(* Let $F=\sum_{\mathbf i\in I_F}a_{\mathbf i}\mathbf{x}^{\mathbf i}\in K[x_1,\dots,x_n]$ be irreducible and $\mathbf u\in(K^* )^n$. Then $F$ and $D_{\mathbf u}(F)$ are not coprime if and only if $\frac{a_{\mathbf i}\mathbf u^{\mathbf i}}{a_{\mathbf j}\mathbf u^{\mathbf j}}\in\mathbf{k}^*$ for all $\mathbf i,\mathbf j\in I_F$.
   Context: $\mathbf{k}$ is an algebraically closed field of characteristic zero, $K=\mathbf{k}(C)$ the function field of a smooth projective curve $C$ over $\mathbf{k}$. Fix $t\in K\setminus\mathbf{k}$; $\eta'=d\eta/dt$ is the derivation of $K$ extending $d/dt$ on $\mathbf{k}(t)$ (its kernel is $\mathbf{k}$). $I_F$ is the set of exponents $\mathbf i$ with $a_{\mathbf i}\ne0$, $\mathbf x^{\mathbf i}=x_1^{i_1}\cdots x_n^{i_n}$, $\mathbf u^{\mathbf i}=u_1^{i_1}\cdots u_n^{i_n}$, and $D_{\mathbf u}(F)=\sum_{\mathbf i\in I_F}\frac{(a_{\mathbf i}\mathbf{u}^{\mathbf i})'}{\mathbf{u}^{\mathbf i}}\mathbf{x}^{\mathbf i}$. ''Not coprime'' means having a common nonconstant factor in $K[x_1,\dots,x_n]$ (the zero polynomial is divisible by $F$). *)

From HB Require Import structures.
From mathcomp Require Import all_boot all_order all_algebra.
From mathcomp Require Import mpoly.
Set Implicit Arguments. Unset Strict Implicit. Unset Printing Implicit Defensive.
Import GRing.Theory.
Local Open Scope ring_scope.

Definition is_derivation (K : fieldType) (d : K -> K) : Prop :=
  (forall x y : K, d (x + y) = d x + d y) /\
  (forall x y : K, d (x * y) = d x * y + x * d y).

Definition mon_eval (K : fieldType) (n : nat) (u : 'I_n -> K) (m : 'X_{1..n}) : K :=
  \prod_(i < n) u i ^+ m i.

Definition Du (K : fieldType) (d : K -> K) (n : nat) (u : 'I_n -> K)
    (F : {mpoly K[n]}) : {mpoly K[n]} :=
  \sum_(m <- msupp F) (d (F@_m * mon_eval u m) / mon_eval u m) *: 'X_[m].

(* constant polynomial (degree <= 0) *)
Definition mconst (K : fieldType) (n : nat) (p : {mpoly K[n]}) : bool :=
  (msize p <= 1)%N.

Definition mdvd (K : fieldType) (n : nat) (G P : {mpoly K[n]}) : Prop :=
  exists Q : {mpoly K[n]}, P = Q * G.

(* irreducible: nonconstant (non-unit, nonzero) and every factorization has a
   constant (= unit, since the product is nonzero) factor *)
Definition mirreducible (K : fieldType) (n : nat) (F : {mpoly K[n]}) : Prop :=
  ~~ mconst F /\
  (forall G H : {mpoly K[n]}, F = G * H -> mconst G \/ mconst H).

Definition not_coprime (K : fieldType) (n : nat) (P Q : {mpoly K[n]}) : Prop :=
  exists G : {mpoly K[n]}, ~~ mconst G /\ mdvd G P /\ mdvd G Q.

From HB Require Import structures.
From mathcomp Require Import all_boot all_order all_algebra.
From mathcomp Require Import mpoly zify.
Set Implicit Arguments. Unset Strict Implicit. Unset Printing Implicit Defensive.
Import GRing.Theory.
Local Open Scope ring_scope.

(* The m-th coefficient of D_u(F) is d(w_m)/u^m, so D_u(F) = l F holds exactly
   when every w_m has logarithmic derivative l (Du_eq_scale).  Since D_u(F)
   has size at most that of F, and a nonconstant common factor of F and
   D_u(F) must be associate to the irreducible F, non-coprimality forces
   F | D_u(F) (irreducible_common_factor_dvd), hence D_u(F) = l F
   (mdvd_msize_le_scale); conversely F is a common
   nonconstant factor of F and l F.  Finally, nonzero elements with the same
   logarithmic derivative have a quotient killed by d, i.e. a constant of k
   (derivation_quot_eq0), and multiplying by a constant preserves the
   logarithmic derivative (derivation_scale_const). *)

Section Derivation.
Variables (K : fieldType) (d : K -> K).
Hypothesis Hd : is_derivation d.

Lemma derivation_quot_eq0 (l x y : K) :
  y != 0 -> d x = l * x -> d y = l * y -> d (x / y) = 0.
Proof.
move=> y0 dx dy; have leibniz : d x = d (x / y) * y + x / y * d y.
  by rewrite -Hd.2 divfK.
move: leibniz; rewrite dx dy mulrCA divfK // => leibniz.
have /eqP : d (x / y) * y = 0 by apply: (addIr (l * x)); rewrite add0r -leibniz.
by rewrite mulf_eq0 (negbTE y0) orbF => /eqP.
Qed.

Lemma derivation_scale_const (c w : K) : d c = 0 -> d (c * w) = c * d w.
Proof. by move=> dc; rewrite Hd.2 dc mul0r add0r. Qed.

End Derivation.

Lemma mcoeff_sum_scaleX (K : fieldType) n (r : seq 'X_{1..n})
    (f : 'X_{1..n} -> K) m : uniq r ->
  (\sum_(m' <- r) f m' *: ('X_[m'] : {mpoly K[n]}))@_m =
  if m \in r then f m else 0.
Proof.
elim: r => [|x r IH]; first by rewrite big_nil mcoeff0.
rewrite /= => /andP [xr ur]; rewrite big_cons mcoeffD mcoeffZ mcoeffX IH // in_cons.
have [<-|nxm] /= := eqVneq x m; first by rewrite (negbTE xr) mulr1 addr0.
by rewrite mulr0 add0r; case: (m \in r) => //; rewrite eq_sym (negbTE nxm).
Qed.

Section OperatorDu.
Variables (K : fieldType) (d : K -> K) (n : nat) (u : 'I_n -> K).
Hypothesis Hu : forall i, u i != 0.

Lemma mon_eval_neq0 (m : 'X_{1..n}) : mon_eval u m != 0.
Proof. by apply/prodf_neq0 => i _; rewrite expf_neq0. Qed.

Lemma Du_coef (F : {mpoly K[n]}) m : (Du d u F)@_m =
  if m \in msupp F then d (F@_m * mon_eval u m) / mon_eval u m else 0.
Proof. by rewrite /Du mcoeff_sum_scaleX // msupp_uniq. Qed.

Lemma msize_Du (F : {mpoly K[n]}) : (msize (Du d u F) <= msize F)%N.
Proof.
rewrite [msize (Du _ _ _)]msizeE; apply/bigmax_leqP_seq => m mD _.
apply: msize_mdeg_lt; move: mD; rewrite mcoeff_msupp Du_coef.
by case: ifP => //; rewrite eqxx.
Qed.

Lemma Du_eq_scale (F : {mpoly K[n]}) (l : K) :
  Du d u F = l *: F <->
  (forall m, m \in msupp F -> d (F@_m * mon_eval u m) = l * (F@_m * mon_eval u m)).
Proof.
have um m := mon_eval_neq0 m.
split=> [EDu m mF | logder].
  have := congr1 (mcoeff m) EDu; rewrite Du_coef mF mcoeffZ => Em.
  by rewrite mulrA -Em divfK.
apply/mpolyP => m; rewrite Du_coef mcoeffZ.
case: ifP => [mF|/negbT mF]; last by rewrite (memN_msupp_eq0 mF) mulr0.
by rewrite logder // mulrA mulfK.
Qed.

End OperatorDu.

(* A nonconstant common factor of an irreducible F and P is associate to F,
   so F itself divides P. *)
Lemma irreducible_common_factor_dvd (K : fieldType) n (F P : {mpoly K[n]}) :
  mirreducible F -> not_coprime F P -> mdvd F P.
Proof.
move=> [Fnc irrF] [G [Gnc [[Q1 EF] [Q2 EP]]]].
have /msize1_polyC EQ1 : mconst Q1.
  by case: (irrF _ _ EF) => // Gc; rewrite Gc in Gnc.
set c := Q1@_0 in EQ1.
have c0 : c != 0.
  by apply: contraNneq Fnc => c0; rewrite EF EQ1 c0 mul0r /mconst msize0.
exists (Q2 * c^-1%:MP).
by rewrite EP -mulrA mul_mpolyC EF EQ1 mul_mpolyC scalerA mulVf ?scale1r.
Qed.

Lemma mdvd_msize_le_scale (K : fieldType) n (F P : {mpoly K[n]}) :
  F != 0 -> mdvd F P -> (msize P <= msize F)%N -> exists l : K, P = l *: F.
Proof.
move=> F0 [Q ->] sizeQF.
have [->|Q0] := eqVneq Q 0; first by exists 0; rewrite mul0r scale0r.
have /msize1_polyC EQ : (msize Q <= 1)%N.
  have : (0 < msize F)%N by rewrite lt0n msize_poly_eq0.
  by move: sizeQF; rewrite msizeM //; move: (msize Q) (msize F) => q f; lia.
by exists Q@_0; rewrite {1}EQ mul_mpolyC.
Qed.

Theorem lemma3p3
  (k : closedFieldType) (Hchar : [pchar k] =i pred0)
  (K : fieldType) (iota : {rmorphism k -> K})
  (d : K -> K) (Hd : is_derivation d)
  (t : K) (Ht : d t = 1)
  (Hker : forall x : K, d x = 0 <-> exists c : k, x = iota c)
  (n : nat) (F : {mpoly K[n]}) (HF : mirreducible F)
  (u : 'I_n -> K) (Hu : forall i, u i != 0) :
  not_coprime F (Du d u F) <->
  (forall i j : 'X_{1..n}, i \in msupp F -> j \in msupp F ->
     exists c : k, c != 0 /\
       (F@_i * mon_eval u i) / (F@_j * mon_eval u j) = iota c).
Proof.
have F0 : F != 0 by apply: contraNneq HF.1 => ->; rewrite /mconst msize0.
have w_neq0 m : m \in msupp F -> F@_m * mon_eval u m != 0.
  by move=> mF; rewrite mulf_neq0 ?mon_eval_neq0 // -mcoeff_msupp.
split=> [ncop i j iF jF | proportional].
- have [l /(Du_eq_scale _ Hu) logder] := mdvd_msize_le_scale F0
    (irreducible_common_factor_dvd HF ncop) (msize_Du d u F).
  have /Hker [c Ec] :=
    derivation_quot_eq0 Hd (w_neq0 _ jF) (logder _ iF) (logder _ jF).
  exists c; split=> //.
  apply: contraTneq (mulf_neq0 (w_neq0 _ iF) (invr_neq0 (w_neq0 _ jF))) => c0.
  by rewrite Ec c0 rmorph0 eqxx.
- have [j jF] : exists j, j \in msupp F.
    have : msupp F != [::] by rewrite msupp_eq0.
    by case: (msupp F) => // j s _; exists j; rewrite mem_head.
  pose w := F@_j * mon_eval u j.
  exists F; split; first exact: HF.1.
  split; first by exists 1; rewrite mul1r.
  exists (d w / w)%:MP; rewrite mul_mpolyC; apply/(Du_eq_scale _ Hu) => m mF.
  have [c [_ Ec]] := proportional m j mF jF.
  have -> : F@_m * mon_eval u m = iota c * w by rewrite -Ec divfK ?w_neq0.
  rewrite (derivation_scale_const Hd); last by apply/Hker; exists c.
  by rewrite mulrCA divfK ?w_neq0.
Qed.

WHAT YOU ARE ASKED TO DO: All lines above that hold the string "first" should be copied.

EXERCISE SOLUTION:
elim: r => [|x r IH]; first by rewrite big_nil mcoeff0.
have [<-|nxm] /= := eqVneq x m; first by rewrite (negbTE xr) mulr1 addr0.
have [->|Q0] := eqVneq Q 0; first by exists 0; rewrite mul0r scale0r.
  exists F; split; first exact: HF.1.
  split; first by exists 1; rewrite mul1r.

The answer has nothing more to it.